=== What to produce ===
The lines to repeat are those below from the one containing "Lemma linD x" down to the one containing "HB.instance Definition _ (R : numFieldType) := GRing.Zmodule.on", both included; reproduce them exactly and nothing else.

=== Records to use ===
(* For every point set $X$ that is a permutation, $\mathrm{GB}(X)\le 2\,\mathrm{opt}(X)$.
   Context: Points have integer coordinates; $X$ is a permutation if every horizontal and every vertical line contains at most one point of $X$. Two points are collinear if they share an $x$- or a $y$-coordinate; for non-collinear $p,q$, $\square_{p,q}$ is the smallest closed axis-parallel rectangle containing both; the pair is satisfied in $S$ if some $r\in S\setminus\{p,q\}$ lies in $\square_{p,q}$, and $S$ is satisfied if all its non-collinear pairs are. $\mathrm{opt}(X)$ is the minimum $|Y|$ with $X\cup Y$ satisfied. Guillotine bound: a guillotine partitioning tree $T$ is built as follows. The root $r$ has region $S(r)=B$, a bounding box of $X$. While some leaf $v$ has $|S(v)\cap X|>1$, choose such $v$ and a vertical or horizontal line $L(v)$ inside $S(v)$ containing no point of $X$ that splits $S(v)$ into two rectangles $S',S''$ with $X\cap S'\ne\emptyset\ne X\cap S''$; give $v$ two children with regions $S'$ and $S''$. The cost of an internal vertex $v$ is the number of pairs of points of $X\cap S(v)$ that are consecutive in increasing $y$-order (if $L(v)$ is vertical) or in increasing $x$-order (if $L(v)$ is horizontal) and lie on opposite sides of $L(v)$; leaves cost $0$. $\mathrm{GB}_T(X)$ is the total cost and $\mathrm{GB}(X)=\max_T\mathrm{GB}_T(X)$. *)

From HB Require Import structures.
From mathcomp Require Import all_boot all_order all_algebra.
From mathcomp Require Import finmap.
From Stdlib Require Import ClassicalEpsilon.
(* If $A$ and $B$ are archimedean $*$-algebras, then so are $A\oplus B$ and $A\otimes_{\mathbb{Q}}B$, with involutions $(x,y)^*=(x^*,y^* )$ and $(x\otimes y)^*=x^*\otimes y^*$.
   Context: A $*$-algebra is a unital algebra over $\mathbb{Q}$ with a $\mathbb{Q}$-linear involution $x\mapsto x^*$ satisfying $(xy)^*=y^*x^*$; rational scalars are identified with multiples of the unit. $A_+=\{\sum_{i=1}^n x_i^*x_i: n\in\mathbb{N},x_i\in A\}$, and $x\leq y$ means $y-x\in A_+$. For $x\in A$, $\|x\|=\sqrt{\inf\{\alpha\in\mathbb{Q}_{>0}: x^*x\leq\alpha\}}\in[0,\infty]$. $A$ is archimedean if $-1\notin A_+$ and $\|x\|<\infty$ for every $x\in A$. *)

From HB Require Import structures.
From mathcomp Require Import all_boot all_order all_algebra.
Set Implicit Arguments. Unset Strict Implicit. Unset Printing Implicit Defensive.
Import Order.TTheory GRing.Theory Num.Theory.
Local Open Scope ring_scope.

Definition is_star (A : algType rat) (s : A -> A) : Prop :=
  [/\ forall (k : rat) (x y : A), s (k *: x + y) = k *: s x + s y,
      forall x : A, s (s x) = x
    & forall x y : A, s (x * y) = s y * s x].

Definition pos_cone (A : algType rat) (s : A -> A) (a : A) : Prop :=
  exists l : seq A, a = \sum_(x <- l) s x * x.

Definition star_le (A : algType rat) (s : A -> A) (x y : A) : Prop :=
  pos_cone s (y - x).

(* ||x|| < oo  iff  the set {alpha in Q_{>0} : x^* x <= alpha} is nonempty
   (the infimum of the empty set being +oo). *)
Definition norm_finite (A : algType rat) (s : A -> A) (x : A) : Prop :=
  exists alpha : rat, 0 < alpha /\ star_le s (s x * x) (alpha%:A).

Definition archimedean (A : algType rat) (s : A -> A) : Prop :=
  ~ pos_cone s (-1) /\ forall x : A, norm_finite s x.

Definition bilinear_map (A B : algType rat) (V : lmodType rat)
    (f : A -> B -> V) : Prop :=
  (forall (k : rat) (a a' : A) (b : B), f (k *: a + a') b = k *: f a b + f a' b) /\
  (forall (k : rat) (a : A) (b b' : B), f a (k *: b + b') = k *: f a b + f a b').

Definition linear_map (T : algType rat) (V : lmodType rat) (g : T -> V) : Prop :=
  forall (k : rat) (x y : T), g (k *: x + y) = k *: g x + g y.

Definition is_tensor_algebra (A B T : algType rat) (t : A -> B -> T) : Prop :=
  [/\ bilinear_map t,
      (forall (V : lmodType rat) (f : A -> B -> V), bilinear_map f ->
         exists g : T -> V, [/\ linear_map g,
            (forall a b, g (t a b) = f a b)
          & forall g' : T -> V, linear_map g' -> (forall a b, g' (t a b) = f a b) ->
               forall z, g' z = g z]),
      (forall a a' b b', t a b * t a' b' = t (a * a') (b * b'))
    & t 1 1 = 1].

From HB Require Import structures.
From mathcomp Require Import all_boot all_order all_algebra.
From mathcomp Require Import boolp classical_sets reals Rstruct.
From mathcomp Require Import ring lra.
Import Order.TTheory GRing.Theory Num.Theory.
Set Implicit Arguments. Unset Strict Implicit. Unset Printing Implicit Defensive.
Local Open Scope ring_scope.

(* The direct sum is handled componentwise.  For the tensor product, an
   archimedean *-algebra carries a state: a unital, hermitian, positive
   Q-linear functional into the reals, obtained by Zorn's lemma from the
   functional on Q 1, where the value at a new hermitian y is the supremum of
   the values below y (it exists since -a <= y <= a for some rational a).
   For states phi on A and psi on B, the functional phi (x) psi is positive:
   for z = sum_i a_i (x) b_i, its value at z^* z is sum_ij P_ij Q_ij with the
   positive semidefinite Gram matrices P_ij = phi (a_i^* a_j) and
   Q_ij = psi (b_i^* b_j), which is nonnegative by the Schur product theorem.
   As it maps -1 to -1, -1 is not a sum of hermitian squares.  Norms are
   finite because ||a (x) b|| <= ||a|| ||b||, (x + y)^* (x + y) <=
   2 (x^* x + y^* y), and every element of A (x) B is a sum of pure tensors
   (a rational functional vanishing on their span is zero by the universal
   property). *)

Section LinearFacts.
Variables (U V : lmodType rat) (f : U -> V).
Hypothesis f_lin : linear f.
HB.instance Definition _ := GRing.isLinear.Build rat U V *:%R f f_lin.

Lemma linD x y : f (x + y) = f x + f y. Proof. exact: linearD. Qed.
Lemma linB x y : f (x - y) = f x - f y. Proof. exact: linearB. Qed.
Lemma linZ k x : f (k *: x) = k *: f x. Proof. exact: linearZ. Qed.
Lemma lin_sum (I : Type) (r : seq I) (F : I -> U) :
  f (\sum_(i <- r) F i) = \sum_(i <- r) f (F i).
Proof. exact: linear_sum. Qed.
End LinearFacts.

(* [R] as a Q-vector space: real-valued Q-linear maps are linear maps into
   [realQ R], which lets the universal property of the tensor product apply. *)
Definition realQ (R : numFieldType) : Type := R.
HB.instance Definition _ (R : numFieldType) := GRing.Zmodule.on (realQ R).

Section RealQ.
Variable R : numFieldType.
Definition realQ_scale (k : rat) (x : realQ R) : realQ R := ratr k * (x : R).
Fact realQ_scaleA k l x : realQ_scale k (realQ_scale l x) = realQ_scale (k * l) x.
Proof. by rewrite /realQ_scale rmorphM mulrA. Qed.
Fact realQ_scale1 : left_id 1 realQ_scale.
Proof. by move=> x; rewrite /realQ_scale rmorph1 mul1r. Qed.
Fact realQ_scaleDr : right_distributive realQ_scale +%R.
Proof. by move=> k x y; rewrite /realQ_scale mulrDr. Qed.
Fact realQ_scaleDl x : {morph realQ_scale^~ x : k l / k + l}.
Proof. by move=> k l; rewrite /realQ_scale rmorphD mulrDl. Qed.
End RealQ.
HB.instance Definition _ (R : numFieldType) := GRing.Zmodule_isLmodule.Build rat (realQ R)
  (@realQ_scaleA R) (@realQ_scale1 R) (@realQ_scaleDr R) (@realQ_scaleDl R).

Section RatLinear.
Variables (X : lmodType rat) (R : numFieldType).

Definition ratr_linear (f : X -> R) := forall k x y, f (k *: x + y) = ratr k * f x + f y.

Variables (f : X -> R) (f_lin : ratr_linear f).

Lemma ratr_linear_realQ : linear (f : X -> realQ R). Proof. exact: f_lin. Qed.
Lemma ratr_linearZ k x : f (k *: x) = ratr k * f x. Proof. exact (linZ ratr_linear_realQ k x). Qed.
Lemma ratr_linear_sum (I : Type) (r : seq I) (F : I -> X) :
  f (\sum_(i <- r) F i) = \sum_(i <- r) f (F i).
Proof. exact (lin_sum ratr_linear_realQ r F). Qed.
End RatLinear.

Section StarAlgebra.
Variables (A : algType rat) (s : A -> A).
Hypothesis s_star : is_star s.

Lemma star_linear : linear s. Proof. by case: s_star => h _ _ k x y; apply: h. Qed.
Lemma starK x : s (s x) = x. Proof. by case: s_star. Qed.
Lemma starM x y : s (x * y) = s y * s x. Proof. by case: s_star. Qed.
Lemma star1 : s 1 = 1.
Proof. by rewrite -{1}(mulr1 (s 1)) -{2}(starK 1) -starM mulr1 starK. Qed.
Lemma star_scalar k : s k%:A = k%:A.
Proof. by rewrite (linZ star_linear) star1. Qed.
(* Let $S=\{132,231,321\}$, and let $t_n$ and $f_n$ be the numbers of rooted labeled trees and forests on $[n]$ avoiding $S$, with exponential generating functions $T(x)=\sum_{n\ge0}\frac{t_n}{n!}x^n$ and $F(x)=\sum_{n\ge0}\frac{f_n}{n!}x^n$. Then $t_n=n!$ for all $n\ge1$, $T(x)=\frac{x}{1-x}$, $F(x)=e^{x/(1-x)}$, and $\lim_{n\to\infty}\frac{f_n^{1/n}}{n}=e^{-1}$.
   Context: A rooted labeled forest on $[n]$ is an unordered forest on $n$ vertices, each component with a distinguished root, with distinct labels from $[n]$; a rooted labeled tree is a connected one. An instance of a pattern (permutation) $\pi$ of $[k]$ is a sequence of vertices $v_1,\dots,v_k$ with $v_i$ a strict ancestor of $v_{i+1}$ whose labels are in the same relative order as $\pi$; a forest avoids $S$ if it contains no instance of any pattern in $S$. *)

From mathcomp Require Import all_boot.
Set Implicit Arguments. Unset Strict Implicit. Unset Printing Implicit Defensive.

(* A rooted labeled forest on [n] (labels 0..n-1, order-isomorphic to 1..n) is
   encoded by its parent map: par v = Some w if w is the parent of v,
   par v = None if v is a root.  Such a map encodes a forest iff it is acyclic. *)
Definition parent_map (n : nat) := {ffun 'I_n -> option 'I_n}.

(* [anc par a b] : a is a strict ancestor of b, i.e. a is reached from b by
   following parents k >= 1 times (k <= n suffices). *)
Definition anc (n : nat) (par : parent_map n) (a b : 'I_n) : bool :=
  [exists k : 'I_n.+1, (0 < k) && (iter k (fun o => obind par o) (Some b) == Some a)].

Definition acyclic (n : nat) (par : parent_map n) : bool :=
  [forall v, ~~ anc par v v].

=== Output of the exercise ===
Lemma linD x y : f (x + y) = f x + f y. Proof. exact: linearD. Qed.
Lemma linB x y : f (x - y) = f x - f y. Proof. exact: linearB. Qed.
Lemma linZ k x : f (k *: x) = k *: f x. Proof. exact: linearZ. Qed.
Lemma lin_sum (I : Type) (r : seq I) (F : I -> U) :
  f (\sum_(i <- r) F i) = \sum_(i <- r) f (F i).
Proof. exact: linear_sum. Qed.
End LinearFacts.

(* [R] as a Q-vector space: real-valued Q-linear maps are linear maps into
   [realQ R], which lets the universal property of the tensor product apply. *)
Definition realQ (R : numFieldType) : Type := R.
HB.instance Definition _ (R : numFieldType) := GRing.Zmodule.on (realQ R).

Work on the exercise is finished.